# Form 80 and russian descent



## julienf (Jul 28, 2013)

Hi all,

I've started looking at the notorious form 80 (character assessment) and found weird questions about arabic or russian descent... My partner's great grand father was russian (very remote and no patronymic name, only the family name can tell) and I wonder if I should check the box or not.

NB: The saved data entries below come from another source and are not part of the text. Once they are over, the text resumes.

(* Let $n\ge1$ and let $\alpha=(\alpha_1,\dots,\alpha_k)$ be a composition of $n$ (positive integers summing to $n$), and work over the alphabet $A=\{a_1<a_2<\dots<a_k\}$. Then $$|\{w\in\mathcal{W}^o_n:\operatorname{wt}(w)=x_1^{\alpha_1}\cdots x_k^{\alpha_k}\}|=|\{w\in\mathcal{W}^e_n:\operatorname{wt}(w)=x_1^{\alpha_1}\cdots x_k^{\alpha_k}\}|.$$
   Context: Words are finite sequences of letters from the totally ordered alphabet $A=\{a_1<\dots<a_k\}$; $\mathcal{W}_n$ is the set of words of length $n$. Words are compared in lexicographic order (a proper prefix is smaller than the word). Two words $u,v$ are conjugate if $u=rs$ and $v=sr$ for some words $r,s$. A nonempty word is primitive if it is not of the form $r^j$ with $j\ge2$. A Lyndon word is a primitive word strictly smaller than all its other conjugates (equivalently, a nonempty word strictly smaller than each of its proper nonempty suffixes). Every word $w$ has a unique Lyndon factorization $w=\ell_1\ell_2\cdots\ell_m$ with each $\ell_i$ a Lyndon word and $\ell_1\ge\ell_2\ge\dots\ge\ell_m$; the $\ell_i$ are the Lyndon factors of $w$. The weight of a word is $\operatorname{wt}(w)=x_1^{\beta_1}\cdots x_k^{\beta_k}$ where $\beta_i$ is the number of occurrences of $a_i$ in $w$. $\mathcal{W}^o_n$ is the set of words in $\mathcal{W}_n$ all of whose Lyndon factors have odd length and are pairwise distinct. $\mathcal{W}^e_n$ is the set of words in $\mathcal{W}_n$ all of whose Lyndon factors have even length, except possibly for one factor of length one. *)

From mathcomp Require Import all_boot.
From mathcomp Require Import boolp.
Set Implicit Arguments. Unset Strict Implicit. Unset Printing Implicit Defensive.

(* Words over the alphabet A = {a_1 < ... < a_k}, encoded as 'I_k
   (letter a_{i+1} is the ordinal i), ordered by the natural order. *)
Definition word (k : nat) := seq 'I_k.

Fixpoint lexlt_nat (s t : seq nat) : bool :=
  match s, t with
  | [::], [::] => false
  | [::], _ :: _ => true
  | _ :: _, [::] => false
  | x :: s', y :: t' => (x < y) || ((x == y) && lexlt_nat s' t')
  end.

Definition lexlt k (u v : word k) : bool := lexlt_nat (map val u) (map val v).
Definition lexle k (u v : word k) : bool := (u == v) || lexlt u v.

Definition lyndon k (w : word k) : bool :=
  (w != [::]) && all (fun i => lexlt w (drop i w)) (iota 1 (size w).-1).

Definition lyndon_factorization k (w : word k) (ls : seq (word k)) : Prop :=
  [/\ flatten ls = w, all (@lyndon k) ls & sorted (fun a b => lexle b a) ls].

Definition in_Wo k (w : word k) : Prop :=
  exists ls, lyndon_factorization w ls /\
    all (fun l => odd (size l)) ls /\ uniq ls.

Definition in_We k (w : word k) : Prop :=
  exists ls, lyndon_factorization w ls /\
    (count (fun l => odd (size l)) ls <= 1)%N /\
    all (fun l => odd (size l) ==> (size l == 1%N)) ls.

Definition has_weight k (alpha : seq nat) (w : word k) : Prop :=
  forall i : 'I_k, count_mem i w = nth 0%N alpha i.

(* Unique factorization into a nonincreasing product of Lyndon words
   identifies words with finite multisets of Lyndon words, which gives the
   Chen-Fox-Lyndon identity  prod_l (1 - x^l)^-1 = (1 - p1)^-1,  where l runs
   over Lyndon words, x^l is the weight of l and p1 = x_1 + ... + x_k.
   Substituting x_i |-> -x_i multiplies x^l by (-1)^|l|, so
     prod_(|l| odd) (1 + x^l)^-1 * prod_(|l| even) (1 - x^l)^-1 = (1 + p1)^-1,
   that is,
     prod_(|l| odd) (1 + x^l) = (1 + p1) * prod_(|l| even) (1 - x^l)^-1.
   Through the same identification the left side counts W^o (distinct odd
   factors) and the right side counts W^e (an optional odd factor, which is
   then a letter, and even factors with repetition).  The series are handled
   as polynomials in {mpoly int[k]} compared in degrees <= n, where only Lyndon
   words of length <= n contribute. *)

From mathcomp Require Import all_boot all_order all_algebra mpoly ring zify.
From mathcomp Require Import boolp.
Set Implicit Arguments. Unset Strict Implicit. Unset Printing Implicit Defensive.
Import Order.TTheory GRing.Theory Num.Theory.

Local Notation odd_size := (fun w : word _ => odd (size w)).

Lemma eq_cat_cases (T : Type) (a b c d : seq T) : a ++ b = c ++ d ->
  (exists x, c = a ++ x /\ b = x ++ d) \/ (exists x, a = c ++ x /\ d = x ++ b).
Proof.
elim: a c => [|y a IH] [|z c] /=.
- by move=> ->; left; exists [::].
- by move=> ->; left; exists (z :: c).
- by move=> <-; right; exists (y :: a).
by case=> <- /IH [[x [-> ->]]|[x [-> ->]]]; [left|right]; exists x.
Qed.

Lemma count_le1_uniq (T : eqType) (s : seq T) : (forall x, count_mem x s <= 1) -> uniq s.
Proof.
move=> le1; apply: count_mem_uniq => x; have := le1 x.
by rewrite -has_pred1 has_count; case: count => [|[]].
Qed.

Lemma filter_all_predC (T : Type) (a : pred T) s : all (predC a) s -> filter a s = [::].
Proof. by elim: s => //= x s IH /andP[/negbTE -> /IH]. Qed.

Section SeqLexi.
Context {disp : Order.disp_t} (T : orderType disp).
Implicit Types s t : seq T.
Local Notation lex := (seqlexi T).

Lemma ltxi_cat2l s t1 t2 : (s ++ t1 < s ++ t2 :> lex)%O = (t1 < t2 :> lex)%O.
Proof. by elim: s => //= x s IH; rewrite eqhead_ltxiE. Qed.

Lemma lexi_prefix s t : (s <= s ++ t :> lex)%O.
Proof. by elim: s => //= x s IH; rewrite eqhead_lexiE. Qed.

Lemma ltxi_cases s1 s2 : (s1 < s2 :> lex)%O ->
  (exists t, s2 = s1 ++ t) \/ (forall t1 t2, (s1 ++ t1 < s2 ++ t2 :> lex)%O).
Proof.
elim: s1 s2 => [|x s1 IH] [|y s2] //=; first by left; exists (y :: s2).
case: (ltgtP x y) => [xy _|yx|<-].
- by right=> t1 t2; rewrite neqhead_ltxiE ?(lt_eqF xy).
- by rewrite neqhead_ltxiE ?(gt_eqF yx) // ltNge (ltW yx).
rewrite eqhead_ltxiE => /IH [[t ->]|lt12]; first by left; exists t.
by right=> t1 t2; rewrite eqhead_ltxiE.
Qed.

Lemma ltxi_cat_size s1 s2 t1 t2 : (s1 < s2 :> lex)%O -> size s2 <= size s1 ->
  (s1 ++ t1 < s2 ++ t2 :> lex)%O.
Proof.
move=> lt12 le21; case: (ltxi_cases lt12) => [[t E]|->//].
move: lt12 le21; rewrite E size_cat -{2}[size s1]addn0 leq_add2l leqn0 size_eq0.
by move=> + /eqP t0; rewrite t0 cats0 ltxx.
Qed.

End SeqLexi.

Section Lyndon.
Variable k : nat.
Implicit Types u v w l p s : word k.
Local Notation lex := (seqlexi 'I_k).
Local Open Scope order_scope.

Definition lexge : rel (word k) := fun u v => lexle v u.

Lemma lexltE u v : lexlt u v = (u < v :> lex).
Proof.
rewrite /lexlt; elim: u v => [|x u IH] [|y v] //=.
by rewrite IH ltxi_cons !leEord; case: ltngtP.
Qed.

Lemma lexleE u v : lexle u v = (u <= v :> lex).
Proof. by rewrite /lexle lexltE le_eqVlt. Qed.

Lemma lexge_trans : transitive lexge.
Proof. by move=> v u w; rewrite /lexge !lexleE => vu wv; apply: le_trans wv vu. Qed.

Lemma lexge_total : total lexge.
Proof. by move=> u v; rewrite /lexge !lexleE le_total. Qed.

Lemma lexge_anti : antisymmetric lexge.
Proof. by move=> u v; rewrite /lexge !lexleE => /le_anti. Qed.

Lemma lyndonP w :
  reflect (w != [::] /\ forall i, (0 < i < size w)%N -> w < drop i w :> lex) (lyndon w).
Proof.
rewrite /lyndon; case: w => [|a w] /=; first by constructor; case.
apply: (iffP allP) => [lt_drop|[_ lt_drop] i]; first split=> // i.
  by move=> i_bound; rewrite -lexltE lt_drop // mem_iota add1n.
by rewrite mem_iota add1n lexltE; apply: lt_drop.
Qed.

Lemma lyndon_neq0 w : lyndon w -> w != [::].
Proof. by case/andP. Qed.

Lemma lyndon_lt_suffix p s : lyndon (p ++ s) -> p != [::] -> s != [::] ->
  p ++ s < s :> lex.
Proof.
case/lyndonP=> _ lt_drop p0 s0; have := lt_drop (size p); rewrite drop_size_cat //.
by apply; rewrite size_cat lt0n size_eq0 p0 -{1}[size p]addn0 ltn_add2l lt0n size_eq0.
Qed.

Lemma lyndon_cat_lt u v : lyndon u -> lyndon v -> u < v :> lex -> u ++ v < v :> lex.
Proof.
move=> Lu Lv uv; case: (ltxi_cases uv) => [[r Er]|]; last first.
  by move/(_ v [::]); rewrite cats0.
have r0 : r != [::] by apply: contraTneq uv => r0; rewrite Er r0 cats0 ltxx.
rewrite {2}Er ltxi_cat2l {1}Er; apply: lyndon_lt_suffix => //; first by rewrite -Er.
exact: lyndon_neq0.
Qed.

Lemma lyndon_cat u v : lyndon u -> lyndon v -> u < v :> lex -> lyndon (u ++ v).
Proof.
move=> Lu Lv uv; apply/lyndonP; split=> [|i /andP[i0 i_size]].
  by case: u Lu {uv} => //; rewrite /lyndon.
rewrite drop_cat; case: (ltngtP i (size u)) => [iu|ui|->]; last first.
- by rewrite subnn drop0 lyndon_cat_lt.
- apply: lt_trans (lyndon_cat_lt Lu Lv uv) _.
  by case/lyndonP: Lv => _; apply; rewrite size_cat in i_size; lia.
apply: ltxi_cat_size; last by rewrite size_drop leq_subr.
by case/lyndonP: Lu => _; apply; rewrite i0.
Qed.

Fixpoint lyndon_insert l (ls : seq (word k)) : seq (word k) :=
  if ls is h :: t then
    if l < h :> lex then lyndon_insert (l ++ h) t else l :: h :: t
  else [:: l].

Definition lfactors w : seq (word k) := foldr (fun a => lyndon_insert [:: a]) [::] w.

Does anyone know how many generations are to be considered to be defined as "from russian descent" ? I can't find a definition on the immigration website.

Many thanks!
Ju


----------



## laurinoz (Mar 18, 2013)

julienf said:


> Hi all,
> 
> I've started looking at the notorious form 80 (character assessment) and found weird questions about arabic or russian descent... My partner's great grand father was russian (very remote and no patronymic name, only the family name can tell) and I wonder if I should check the box or not.
> 
> ...


Oh my God, a Frenchie on the forum!! So weird!!! Hello there 

Question: are you including your partner in your visa application? As dependent?


----------



## julienf (Jul 28, 2013)

Hi other frenchie 

Yes, I'm planning to add her as a dependent on my visa application.


----------



## laurinoz (Mar 18, 2013)

julienf said:


> Hi other frenchie
> 
> Yes, I'm planning to add her as a dependent on my visa application.


Then I'd recommend you put "yes" for her. Transparency is the only way when it comes to charactere assessment. Even if this detail does not seem at all relevant, it will not look good if DIAC finds out about it, especially if they think it is relevant to them.

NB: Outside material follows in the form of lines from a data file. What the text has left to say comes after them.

(* Let $G$ be a profinite group that is a Cartesian product of non-abelian finite simple groups. If every element of $G$ has a countable Engel sink, then $G$ is finite.
   Context: Commutators are left-normed, $[a,b]=a^{-1}b^{-1}ab$, and $[x,{}_n g]=[x,g,\dots,g]$ with $g$ repeated $n$ times. An Engel sink of an element $g$ of a group $G$ is a set $\mathscr E(g)\subseteq G$ such that for every $x\in G$ there is a positive integer $n(x,g)$ with $[x,{}_n g]\in\mathscr E(g)$ for all $n\ge n(x,g)$. ''Countable'' means finite or denumerable. *)

From Stdlib Require Import List.
From mathcomp Require Import all_boot all_fingroup all_solvable.
Set Implicit Arguments. Unset Strict Implicit. Unset Printing Implicit Defensive.
Local Open Scope group_scope.

Definition cart (I : Type) (S : I -> finGroupType) := forall i : I, S i.

Definition ccomm (I : Type) (S : I -> finGroupType) (x g : cart S) : cart S :=
  fun i => [~ x i, g i].

Definition engel_comm (I : Type) (S : I -> finGroupType) (x g : cart S) (n : nat)
  : cart S := iter n (fun z => ccomm z g) x.

Definition engel_sink (I : Type) (S : I -> finGroupType) (g : cart S)
  (E : cart S -> Prop) : Prop :=
  forall x : cart S, exists n0 : nat, 0 < n0 /\
    forall n : nat, n0 <= n -> E (engel_comm x g n).

(* countable = finite or denumerable: injects into nat *)
Definition countable_set (T : Type) (E : T -> Prop) : Prop :=
  exists f : T -> nat, forall a b, E a -> E b -> f a = f b -> a = b.

Definition finite_type (T : Type) : Prop :=
  exists s : seq T, forall t : T, List.In t s.

From mathcomp Require Import all_boot all_fingroup all_solvable.
From mathcomp Require Import zify.
From Stdlib Require Import Classical FunctionalExtensionality Eqdep ClassicalEpsilon.
Set Implicit Arguments. Unset Strict Implicit. Unset Printing Implicit Defensive.
Local Open Scope group_scope.

(* Zorn: a finite Engel group is nilpotent.  By induction all proper subgroups
   are nilpotent, and Baer-Suzuki puts every p-element u in O_p(G), since a
   proper <u, u^y> is nilpotent.  If G = <u, u^y> <> <u>, then u lies in a
   unique maximal subgroup M, and the last term z of [y, _k u] outside M
   satisfies u^z \in M, so z normalises M; then M is normal, which y forbids.
   Hence every factor S_i contains x_i, g_i with [x_i, _n g_i] <> 1 for all n.
   If the index set is infinite, it contains a copy of nat, and for J a set of
   naturals the element x_J, equal to x_i on the coordinates in J and to 1
   elsewhere, has [x_J, _n g] nontrivial exactly on those coordinates; so an
   Engel sink of g receives continuum many distinct elements. *)

Section FiniteEngel.
Variable gT : finGroupType.
Implicit Types G H K M D : {group gT}.

Definition engel_commg (x g : gT) n := iter n (fun z => [~ z, g]) x.

Lemma engel_commg1 g n : engel_commg 1 g n = 1.
Proof. by elim: n => //= n IHn; rewrite [engel_commg _ _ _]IHn comm1g. Qed.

And bare in mind that your CO will look at the form only if he finds something suspicious about your application. It is recommended to front load the form when you apply, to get a quicker result, but in most cases, CO will not ask for it..

I would not worry too much, and tick "yes".

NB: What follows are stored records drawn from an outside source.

Lemma ac_map_eq V y x : almost_classical V -> V y x != 0 -> ac_map V x = y.
Proof.
case/almost_classicalP=> _ _ defV; rewrite defV.
by case: (y =P ac_map V x) => [->|]; rewrite ?mul0r ?eqxx.
Qed.

Lemma ac_map_diagonal V x : almost_classical V -> diagonal V -> ac_map V x = x.
Proof.
move=> acV diagV; apply/eqP/contraT => neq_x.
by move: (ac_phase_neq0 x acV); rewrite /ac_phase diagV ?eqxx.
Qed.

Lemma almost_classical_adj V : almost_classical V -> almost_classical (adj V).
Proof.
case/almost_classicalP=> [[g fK gK] norm1 defV].
exists g, (fun x => (ac_phase V (g x))^*); split; first by exists (ac_map V).
split=> [x|y x]; first by rewrite norm_conjC norm1.
rewrite /adj defV rmorphM /= conjC_nat.
have -> : (x == ac_map V y) = (y == g x) by apply/eqP/eqP=> ->; rewrite ?fK ?gK.
by case: eqP => [->|]; rewrite ?mul1r ?mul0r.
Qed.

Lemma ac_map_adjK V : almost_classical V -> cancel (ac_map V) (ac_map (adj V)).
Proof.
move=> acV x; apply: ac_map_eq; first exact: almost_classical_adj.
by rewrite /adj conjC_eq0 ac_phase_neq0.
Qed.

Lemma ac_phase_adj V x : almost_classical V ->
  ac_phase (adj V) (ac_map V x) * ac_phase V x = 1.
Proof.
move=> acV; case/almost_classicalP: (acV) => _ norm1 _.
by rewrite /ac_phase ac_map_adjK // mulrC -normCK norm1 expr1n.
Qed.

End AlmostClassical.

Section Gates.
Variables (C : numClosedFieldType) (n : nat).
Implicit Types (g : ginst C n) (W : seq (ginst C n)) (x y : bits n).

Definition ac_gate g := uniq (g_qs g) /\ almost_classical (gop g).

Definition gate_map g x : bits n :=
  [ffun k => if [pick j | tnth (g_qs g) j == k] is Some j
             then ac_map (gop g) (restrict (g_qs g) x) j else x k].
Definition gate_phase g x : C := ac_phase (gop g) (restrict (g_qs g) x).
#[global] Arguments gate_map : simpl never.
#[global] Arguments gate_phase : simpl never.

Lemma gate_map_out g x k : k \notin g_qs g -> gate_map g x k = x k.
Proof.
move=> k_out; rewrite ffunE; case: pickP => [j /eqP tnth_j|//].
by rewrite -tnth_j mem_tnth in k_out.
Qed.

Lemma gate_map_in g x j : uniq (g_qs g) ->
  gate_map g x (tnth (g_qs g) j) = ac_map (gop g) (restrict (g_qs g) x) j.
Proof.
move=> uniq_qs; rewrite ffunE; case: pickP => [j' /eqP|/(_ j)]; last by rewrite eqxx.
by move/tuple_uniqP: uniq_qs => inj_qs /inj_qs ->.
Qed.

Lemma restrict_gate_map g x : uniq (g_qs g) ->
  restrict (g_qs g) (gate_map g x) = ac_map (gop g) (restrict (g_qs g) x).
Proof. by move=> uniq_qs; apply/ffunP=> j; rewrite ffunE gate_map_in. Qed.

Lemma embedE g y x : ac_gate g -> embed g y x = (y == gate_map g x)%:R * gate_phase g x.
Proof.
case=> uniq_qs /almost_classicalP[_ _ defV]; rewrite /embed defV.
have -> : (y == gate_map g x) =
    [forall i, (i \notin g_qs g) ==> (y i == x i)] &&
    (restrict (g_qs g) y == ac_map (gop g) (restrict (g_qs g) x)).
  apply/eqP/andP => [->|[/forallP y_out /eqP y_in]].
    split; last by rewrite restrict_gate_map.
    by apply/forallP=> i; apply/implyP=> i_out; rewrite gate_map_out.
  apply/ffunP=> k; case: (boolP (k \in g_qs g)) => [/tnthP[j ->]|k_out].
    by rewrite gate_map_in // -y_in ffunE.
  by rewrite gate_map_out //; apply/eqP/(implyP (y_out k)).
by case: ifP; rewrite ?mul0r.
Qed.

Lemma gate_map_diagonal g x : ac_gate g -> diagonal (gop g) -> gate_map g x = x.
Proof.
case=> uniq_qs acg diag_g; apply/ffunP=> k.
case: (boolP (k \in g_qs g)) => [/tnthP[j ->]|k_out]; last by rewrite gate_map_out.
by rewrite gate_map_in // ac_map_diagonal // ffunE.
Qed.

Fixpoint circ_map W x : bits n :=
  if W is g :: W' then circ_map W' (gate_map g x) else x.
Fixpoint circ_phase W x : C :=
  if W is g :: W' then circ_phase W' (gate_map g x) * gate_phase g x else 1.

Lemma circ_map_cat W1 W2 x : circ_map (W1 ++ W2) x = circ_map W2 (circ_map W1 x).
Proof. by elim: W1 x => //= g W1 IH x; rewrite IH. Qed.

Lemma circ_phase_cat W1 W2 x :
  circ_phase (W1 ++ W2) x = circ_phase W2 (circ_map W1 x) * circ_phase W1 x.
Proof. by elim: W1 x => /= [|g W1 IH] x; rewrite ?mulr1 // IH mulrA. Qed.

Lemma circ_map_diagonal W x :
  all_gates (fun g => ac_gate g /\ diagonal (gop g)) W -> circ_map W x = x.
Proof.
elim: W x => //= g W IH x diagW; have [acg diag_g] := diagW g (or_introl erefl).
by rewrite gate_map_diagonal // IH // => h Wh; apply: diagW; right.
Qed.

Where are you from? Just don't tell me Paris


----------



## julienf (Jul 28, 2013)

laurinoz said:


> Then I'd recommend you put "yes" for her. Transparency is the only way when it comes to charactere assessment. Even if this detail does not seem at all relevant, it will not look good if DIAC finds out about it, especially if they think it is relevant to them.
> 
> And bare in mind that your CO will look at the form only if he finds something suspicious about your application. It is recommended to front load the form when you apply, to get a quicker result, but in most cases, CO will not ask for it..
> 
> ...


I think you're right, it's better to keep it transparent and answer questions if necessary. It's probably not a big deal but the question still looks strange...

Nope, I'm from Nice 

Where are you from? What's your status ?

Cheers


----------



## laurinoz (Mar 18, 2013)

julienf said:


> I think you're right, it's better to keep it transparent and answer questions if necessary. It's probably not a big deal but the question still looks strange...
> 
> Nope, I'm from Nice
> 
> ...


Nice is good. Better than Paris haha
I'm from Marseille

Status shown in my signature 
Have you been to Oz before?


----------



## ilik1989 (Aug 9, 2017)

I am from Kazakhstan and have a patronic name which is not mentioned in the passport what do I do? Guys no jokes only relevant info, please


----------



## NB (Mar 29, 2017)

ilik1989 said:


> I am from Kazakhstan and have a patronic name which is not mentioned in the passport what do I do? Guys no jokes only relevant info, please


From what I understand, your patronymic name is not mentioned in the passport but may have been used in other documents by you like education, job , bank accounts etc ?

Am I correct ?

Cheers


----------



## Nick2008 (Aug 25, 2011)

ilik1989 said:


> I am from Kazakhstan and have a patronic name which is not mentioned in the passport what do I do? Guys no jokes only relevant info, please


I would still write the patronymic if you are of Russian descent as Form 80 requests. Even though the Kazakhstani passport does not have your patronymic in it, it still should have been registered in your birth certificate (ФИО). Since your birth certificate is used for a lot of official purposes, it's better to be on the safe side.


----------



## Ola.V (Sep 15, 2016)

I havent seen nothing about arabs in form 80). Only russians abd chinese. My guess is that we have patronymic name (which others dont have) and for chinese they ask some number (dont remember exactly what number).
Dont worry it will not affect your visa application)


----------